А потом я это кольцо потерял. И обнаружил, что мне без привычной тяжести играть некомфортно. Опять-таки в аэропорту, на этот раз в Хельсинки, присмотрел два перстня, и они вместе как раз заменили по весу тот один, прежний. С тех пор их и ношу. Недавно на концерте рука вспотела, и одно кольцо слетело. Концертмейстер оркестра его поймал. Пока я доигрывал, понял, что дополнительный вес мне уже не нужен. Так что сейчас я их ношу уже как талисман.
А медальон мне подарили четыре года назад в Тбилиси. Я туда поехал впервые после августовской войны выступить в благотворительном концерте в поддержку местной музыкальной школы. Ее директриса — родная сестра режиссера Резо Гигинеишвили, мужа Нади Михалковой, а мы с Михалковыми дружим — соседи по Николиной Горе. Я, честно, волновался — как примут. Но Гия Канчели успокоил: не волнуйся, тебя встретят с любовью. Три дня прошли потрясающе, а во время концерта явились какие-то демонстранты, стали шуметь, требовать, чтобы меня посадили в тюрьму. А я как раз музыку Гии Канчели играл, и эти крикуны испортили исполнение пьесы выдающегося грузинского композитора.

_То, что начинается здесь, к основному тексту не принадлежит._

(* Let $n=d_z\le d=d_x$. Suppose that for every $\theta\in\Theta$: $f_\theta:\mathcal{X}\to\mathbb{R}^n$ is differentiable, surjective onto $\mathbb{R}^n$, and its Jacobian has full rank $n$ everywhere; and there exist $2n+1$ points $y^0,\dots,y^{2n}\in\mathcal{Y}$ such that the $2n\times 2n$ matrix $\tilde R_\theta=\big(\tilde g_\theta(y^1)-\tilde g_\theta(y^0),\dots,\tilde g_\theta(y^{2n})-\tilde g_\theta(y^0)\big)$ is invertible. Then for any $\theta,\theta'\in\Theta$, if $\tilde p_\theta(x\mid y)=\tilde p_{\theta'}(x\mid y)$ for all $x,y$, there exist a permutation $\sigma$ of $\{1,\dots,n\}$, nonzero scalars $a_i$ and scalars $c_i$ such that $f_{i,\theta}(x)=a_if_{\sigma(i),\theta'}(x)+c_i$ for all $i$ and all $x\in\mathcal{X}$.
   Context: Let $\mathcal{X}\subset\mathbb{R}^{d_x}$, $\mathcal{Y}\subset\mathbb{R}^{d_y}$. A parameter set $\Theta$ indexes pairs $f_\theta=(f_{1,\theta},\dots,f_{n,\theta}):\mathcal{X}\to\mathbb{R}^{n}$ and $\tilde g_\theta:\mathcal{Y}\to\mathbb{R}^{2n}$. The augmented feature map is $\tilde f_\theta(x)=(f_{1,\theta}(x),f_{1,\theta}(x)^2,\dots,f_{n,\theta}(x),f_{n,\theta}(x)^2)\in\mathbb{R}^{2n}$, and the augmented conditional energy model is $\tilde p_\theta(x\mid y)=\exp(-\tilde f_\theta(x)^\top\tilde g_\theta(y))/\tilde Z(y;\theta)$, where $\Theta$ is such that $\tilde Z(y;\theta)=\int_{\mathcal{X}}\exp(-\tilde f_\theta(x)^\top\tilde g_\theta(y))\,dx<\infty$ for all $y$. *)

(* classical reals. Vectors of R^m are modelled as nat -> R,
   only the coordinates 0..m-1 being meaningful. *)
From Stdlib Require Import Reals.
Open Scope R_scope.

Definition vec := nat -> R.

Fixpoint rsum (m : nat) (f : nat -> R) : R :=
  match m with
  | O => 0
  | S k => rsum k f + f k
  end.

Definition norm1 (m : nat) (h : vec) : R := rsum m (fun j => Rabs (h j)).

Definition in_Rm (m : nat) (v : vec) : Prop := forall j, (m <= j)%nat -> v j = 0.

Definition has_gradient (d : nat) (F : vec -> R) (x : vec) (L : vec) : Prop :=
  forall eps, eps > 0 -> exists delta, delta > 0 /\
    forall h, in_Rm d h -> norm1 d h < delta ->
      Rabs (F (fun j => x j + h j) - F x - rsum d (fun j => L j * h j))
        <= eps * norm1 d h.

Definition full_row_rank (n d : nat) (J : nat -> vec) : Prop :=
  forall c : vec, (forall j, (j < d)%nat -> rsum n (fun i => c i * J i j) = 0) ->
    forall i, (i < n)%nat -> c i = 0.

(* m x m matrices as nat -> nat -> R (row, column). *)
Definition mat := nat -> nat -> R.

Definition mat_mul (m : nat) (A B : mat) : mat :=
  fun i k => rsum m (fun j => A i j * B j k).

Definition is_identity (m : nat) (A : mat) : Prop :=
  forall i k, (i < m)%nat -> (k < m)%nat -> A i k = if Nat.eqb i k then 1 else 0.

Definition invertible (m : nat) (A : mat) : Prop :=
  exists B : mat, is_identity m (mat_mul m A B) /\ is_identity m (mat_mul m B A).

(* Augmented feature map: (f_1, f_1^2, ..., f_n, f_n^2), 0-indexed:
   component 2i is f_i, component 2i+1 is f_i^2. *)
Definition aug (fx : vec) : vec :=
  fun k => if Nat.even k then fx (Nat.div2 k) else (fx (Nat.div2 k)) ^ 2.

Definition Rtilde (gt : vec -> vec) (ys : nat -> vec) : mat :=
  fun r k => gt (ys (S k)) r - gt (ys O) r.

Definition ptilde (n : nat) (fx : vec) (gy : vec) (Zy : R) : R :=
  exp (- rsum (2 * n) (fun k => aug fx k * gy k)) / Zy.

Definition is_perm (n : nat) (sigma : nat -> nat) : Prop :=
  (forall i, (i < n)%nat -> (sigma i < n)%nat) /\
  (forall i j, (i < n)%nat -> (j < n)%nat -> sigma i = sigma j -> i = j).

(* Taking logarithms in p~_theta = p~_theta' shows that, for every y, the energy
   <f~_theta(x), g~_theta(y)> differs from <f~_theta'(x), g~_theta'(y)> by a
   constant. Differencing at y^0, ..., y^2n and inverting R~_theta, every
   coordinate of f~_theta(x), i.e. both f_i and f_i^2, is an affine function of
   f~_theta'(x), hence a polynomial of degree <= 2 in z = f_theta'(x) with no
   mixed terms. Since z ranges over all of R^n, squaring the polynomial for f_i
   and comparing with the one for f_i^2 kills its quadratic terms and all but
   one of its linear terms: f_i = a_i z_sigma(i) + c_i. Surjectivity of f_theta
   forces a_i <> 0 and sigma injective. *)
From Stdlib Require Import Reals Lra Lia Psatz Classical ClassicalEpsilon.
Open Scope R_scope.

Lemma rsum_ext m (F G : nat -> R) :
  (forall k, (k < m)%nat -> F k = G k) -> rsum m F = rsum m G.
Proof.
  induction m as [|m IH]; intros H; simpl; [reflexivity|].
  rewrite IH, H by (try intros; try apply H; lia); reflexivity.
Qed.

Lemma rsum_plus m (F G : nat -> R) :
  rsum m (fun k => F k + G k) = rsum m F + rsum m G.
Proof. induction m as [|m IH]; simpl; [ring|]. rewrite IH; ring. Qed.

Lemma rsum_mult_r m (F : nat -> R) c : rsum m F * c = rsum m (fun k => F k * c).
Proof. induction m as [|m IH]; simpl; [ring|]. rewrite <- IH; ring. Qed.

Lemma rsum_mult_l m (F : nat -> R) c : c * rsum m F = rsum m (fun k => c * F k).
Proof. induction m as [|m IH]; simpl; [ring|]. rewrite <- IH; ring. Qed.

Lemma rsum_comm m p (F : nat -> nat -> R) :
  rsum m (fun k => rsum p (fun r => F r k)) = rsum p (fun r => rsum m (fun k => F r k)).
Proof.
  induction m as [|m IH]; simpl.
  - induction p as [|p IHp]; simpl; [ring|]. rewrite <- IHp; ring.
  - rewrite IH, <- rsum_plus; reflexivity.
Qed.

Lemma rsum_eq0 m (F : nat -> R) : (forall k, (k < m)%nat -> F k = 0) -> rsum m F = 0.
Proof. intros H. rewrite (rsum_ext m F (fun _ => 0 * 0)) by (intros; rewrite H by lia; ring).
  rewrite <- rsum_mult_r; ring. Qed.

Lemma rsum_single m j (F : nat -> R) : (j < m)%nat ->
  (forall k, (k < m)%nat -> k <> j -> F k = 0) -> rsum m F = F j.
Proof.
  induction m as [|m IH]; intros Hj H; [lia|]; simpl.
  destruct (Nat.eq_dec j m) as [->|Hjm].
  - rewrite rsum_eq0 by (intros; apply H; lia); ring.
  - rewrite IH, (H m) by (intros; try apply H; lia); ring.
Qed.

Lemma rsum_two m j k (F : nat -> R) : (j < m)%nat -> (k < m)%nat -> j <> k ->
  (forall l, (l < m)%nat -> l <> j -> l <> k -> F l = 0) -> rsum m F = F j + F k.
Proof.
  induction m as [|m IH]; intros Hj Hk Hjk H; [lia|]; simpl.
  destruct (Nat.eq_dec j m) as [->|Hjm]; [|destruct (Nat.eq_dec k m) as [->|Hkm]].
  - rewrite (rsum_single m k) by (intros; try apply H; lia); ring.
  - rewrite (rsum_single m j) by (intros; try apply H; lia); ring.
  - rewrite IH, (H m) by (intros; try apply H; lia); ring.
Qed.

Lemma rsum_double n (F : nat -> R) :
  rsum (2 * n) F = rsum n (fun m => F (2 * m)%nat + F (S (2 * m))).
Proof.
  induction n as [|n IH]; [reflexivity|].
  replace (2 * S n)%nat with (S (S (2 * n))) by lia.
  change (rsum (S (S (2 * n))) F) with (rsum (2 * n) F + F (2 * n)%nat + F (S (2 * n))).
  rewrite IH; simpl; ring.
Qed.

Lemma aug_even (z : vec) m : aug z (2 * m)%nat = z m.
Proof. unfold aug. rewrite Nat.even_even, Nat.div2_double; reflexivity. Qed.

Lemma aug_odd (z : vec) m : aug z (S (2 * m)) = z m ^ 2.
Proof.
  unfold aug. rewrite Nat.even_succ, Nat.odd_mul, Nat.odd_2, Nat.div2_succ_double.
  reflexivity.
Qed.

(* The general linear combination of the coordinates of aug z: a polynomial of
   degree <= 2 in z without mixed terms. *)
Definition aug_poly (n : nat) (al z : vec) : R := rsum (2 * n) (fun s => al s * aug z s).

Lemma aug_polyE n al z :
  aug_poly n al z = rsum n (fun m => al (2 * m)%nat * z m + al (S (2 * m)) * z m ^ 2).
Proof.
  unfold aug_poly. rewrite rsum_double.
  apply rsum_ext; intros; rewrite aug_even, aug_odd; reflexivity.
Qed.

Lemma aug_poly_ext n al (z z' : vec) :
  (forall i, (i < n)%nat -> z i = z' i) -> aug_poly n al z = aug_poly n al z'.
Proof. intros Hz. rewrite !aug_polyE. apply rsum_ext; intros; rewrite Hz by lia; reflexivity. Qed.

Definition unit_vec (j : nat) (t : R) : vec := fun m => if Nat.eqb m j then t else 0.

Definition unit_vec2 (j k : nat) (t s : R) : vec :=
  fun m => if Nat.eqb m j then t else if Nat.eqb m k then s else 0.

Lemma aug_poly_unit_vec n al j t : (j < n)%nat ->
  aug_poly n al (unit_vec j t) = al (2 * j)%nat * t + al (S (2 * j)) * t ^ 2.
Proof.
  intros Hj. rewrite aug_polyE, (rsum_single n j); unfold unit_vec.
  - rewrite Nat.eqb_refl; reflexivity.
  - exact Hj.
  - intros k _ Hkj. apply Nat.eqb_neq in Hkj. rewrite Hkj; ring.
Qed.

Lemma aug_poly_unit_vec2 n al j k t s : (j < n)%nat -> (k < n)%nat -> j <> k ->
  aug_poly n al (unit_vec2 j k t s) =
  al (2 * j)%nat * t + al (S (2 * j)) * t ^ 2 + (al (2 * k)%nat * s + al (S (2 * k)) * s ^ 2).
Proof.
  intros Hj Hk Hjk. rewrite aug_polyE, (rsum_two n j k) by
    (assumption || (intros l _ Hlj Hlk; unfold unit_vec2;
     apply Nat.eqb_neq in Hlj, Hlk; rewrite Hlj, Hlk; ring)).
  unfold unit_vec2. rewrite Nat.eqb_refl.
  assert (Hkj : Nat.eqb k j = false) by (apply Nat.eqb_neq; auto).
  rewrite Hkj, Nat.eqb_refl; reflexivity.
Qed.

(* The t^4 coefficient of the left-hand side is B^2. *)
Lemma quadratic_sq_quadratic_lead_eq0 (A B C A' B' C' : R) :
  (forall t, (A * t + B * t ^ 2 + C) ^ 2 = A' * t + B' * t ^ 2 + C') -> B = 0.
Proof.
  intros H. pose proof (H 0); pose proof (H 1); pose proof (H 2);
  pose proof (H 3); pose proof (H 4).
  assert (B * B = 0) by nra. nra.
Qed.

(* The t s coefficient of the left-hand side is 2 A B. *)
Lemma affine2_sq_separable_cross_eq0 (A B C D E F G H : R) :
  (forall t s, (A * t + B * s + C) ^ 2 = D * t + E * t ^ 2 + F * s + G * s ^ 2 + H) ->
  A * B = 0.
Proof.
  intros K. pose proof (K 0 0); pose proof (K 1 0); pose proof (K 0 1);
  pose proof (K 1 1); pose proof (K (-1) 0); pose proof (K 0 (-1)). nra.
Qed.

Section SquareOfAugPoly.

Variables (n : nat) (al al' : vec) (c c' : R).
Hypothesis Hsq : forall z, (aug_poly n al z + c) ^ 2 = aug_poly n al' z + c'.

Lemma aug_poly_sq_square_coef_eq0 j : (j < n)%nat -> al (S (2 * j)) = 0.
Proof.
  intros Hj. apply (quadratic_sq_quadratic_lead_eq0 (al (2 * j)%nat) _ c
    (al' (2 * j)%nat) (al' (S (2 * j))) c').
  intros t. pose proof (Hsq (unit_vec j t)) as H.
  rewrite !aug_poly_unit_vec in H by exact Hj. exact H.
Qed.

Lemma aug_poly_sq_cross_eq0 j k : (j < n)%nat -> (k < n)%nat -> j <> k ->
  al (2 * j)%nat * al (2 * k)%nat = 0.
Proof.
  intros Hj Hk Hjk. apply (affine2_sq_separable_cross_eq0 _ _ c
    (al' (2 * j)%nat) (al' (S (2 * j))) (al' (2 * k)%nat) (al' (S (2 * k))) c').
  intros t s. pose proof (Hsq (unit_vec2 j k t s)) as H.
  rewrite !aug_poly_unit_vec2 in H by assumption.
  rewrite (aug_poly_sq_square_coef_eq0 j), (aug_poly_sq_square_coef_eq0 k) in H
    by assumption.
  replace (al (2 * j)%nat * t + al (2 * k)%nat * s + c) with
    (al (2 * j)%nat * t + 0 * t ^ 2 + (al (2 * k)%nat * s + 0 * s ^ 2) + c) by ring.
  rewrite H; ring.
Qed.
(* Let $G$ be a graph with $k=\chi(G)$ that has, up to permutation of the colours, exactly two proper $k$-colourings (i.e. exactly two partitions of $V(G)$ into $k$ independent sets). Then for every proper $k$-colouring $c$ of $G$ there exists a critical set for $(G,c)$ of cardinality $\chi(G)$.
   Context: All graphs are finite and simple. A proper $k$-colouring of $G=(V,E)$ is a map $c:V\to[k]$ with $c(u)\neq c(v)$ for every edge $uv$. A set $S\subseteq V$ is a determining set for $(G,c)$ if there is no proper $k$-colouring $c'\neq c$ of $G$ with $c'(s)=c(s)$ for all $s\in S$; a critical set for $(G,c)$ is an inclusion-minimal determining set. *)

From mathcomp Require Import all_boot.
Set Implicit Arguments. Unset Strict Implicit. Unset Printing Implicit Defensive.

Definition simple_graph (T : finType) (e : rel T) : Prop :=
  irreflexive e /\ symmetric e.

Definition proper_colouring (T : finType) (e : rel T) (k : nat)
  (c : {ffun T -> 'I_k}) : Prop :=
  forall u v, e u v -> c u != c v.

Definition proper_colouringb (T : finType) (e : rel T) (k : nat)
  (c : {ffun T -> 'I_k}) : bool :=
  [forall u, forall v, e u v ==> (c u != c v)].

Definition is_chromatic_number (T : finType) (e : rel T) (k : nat) : Prop :=
  (exists c : {ffun T -> 'I_k}, proper_colouring e c) /\
  (forall j, j < k -> forall c : {ffun T -> 'I_j}, ~ proper_colouring e c).

Definition colour_partition (T : finType) (k : nat) (c : {ffun T -> 'I_k})
  : {set {set T}} :=
  [set [set x | c x == i] | i : 'I_k] :\ set0.

(* the set of partitions of V coming from proper k-colourings,
   i.e. the proper k-colourings up to permutation of colours *)
Definition colouring_partitions (T : finType) (e : rel T) (k : nat)
  : {set {set {set T}}} :=
  [set colour_partition c | c in [pred c : {ffun T -> 'I_k} | proper_colouringb e c]].

Definition determining (T : finType) (e : rel T) (k : nat)
  (c : {ffun T -> 'I_k}) (S : {set T}) : Prop :=
  forall c' : {ffun T -> 'I_k}, proper_colouring e c' ->
    (forall s, s \in S -> c' s = c s) -> c' = c.

Definition critical (T : finType) (e : rel T) (k : nat)
  (c : {ffun T -> 'I_k}) (S : {set T}) : Prop :=
  determining e c S /\ (forall S' : {set T}, S' \proper S -> ~ determining e c S').

From mathcomp Require Import all_boot zify fingroup perm.
Set Implicit Arguments. Unset Strict Implicit. Unset Printing Implicit Defensive.

(* Let c2 induce the second colour partition. As k = chi(G), the relation
   "class i of c2 meets class j of c" satisfies Hall's condition: if a set Y of
   c-colours met fewer than #|Y| classes of c2, recolouring the vertices with
   c-colour in Y by c2 would properly colour G with fewer than k colours.
   Renaming the colours of c2 along the resulting matching gives c' with the
   same partition and vertices t j with c (t j) = c' (t j) = j for every j.
   Pick b with c' b != c b and let S = {b} + {t j | j != c' b}. A colouring that
   agrees with c on S either induces the partition of c, and then the t j force
   it to be c, or that of c', which is impossible as it gives t (c b) and b the
   same colour. Without b, c' extends c on S; without t j, so does c or c' with
   the colours j and c' b swapped. *)

Section HallMarriage.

Я расстроился, но тут вдруг звонок — зовут в резиденцию патриарха Илии. Я поехал. За полтора часа, что мы с ним были, патриарх ставил мне свою любимую музыку, попросил сыграть Баха, мы пили чудесное красное вино. Когда прощались, он мне вручил этот медальон с Георгием Победоносцем — хранителем Грузии. И, получается, и моим хранителем — я же Юрий, Георгий, это одно имя. С тех пор снимаю его только на ночь. С кольцами история, может быть, скоро закончится. А вот с Георгием не расстанусь никогда.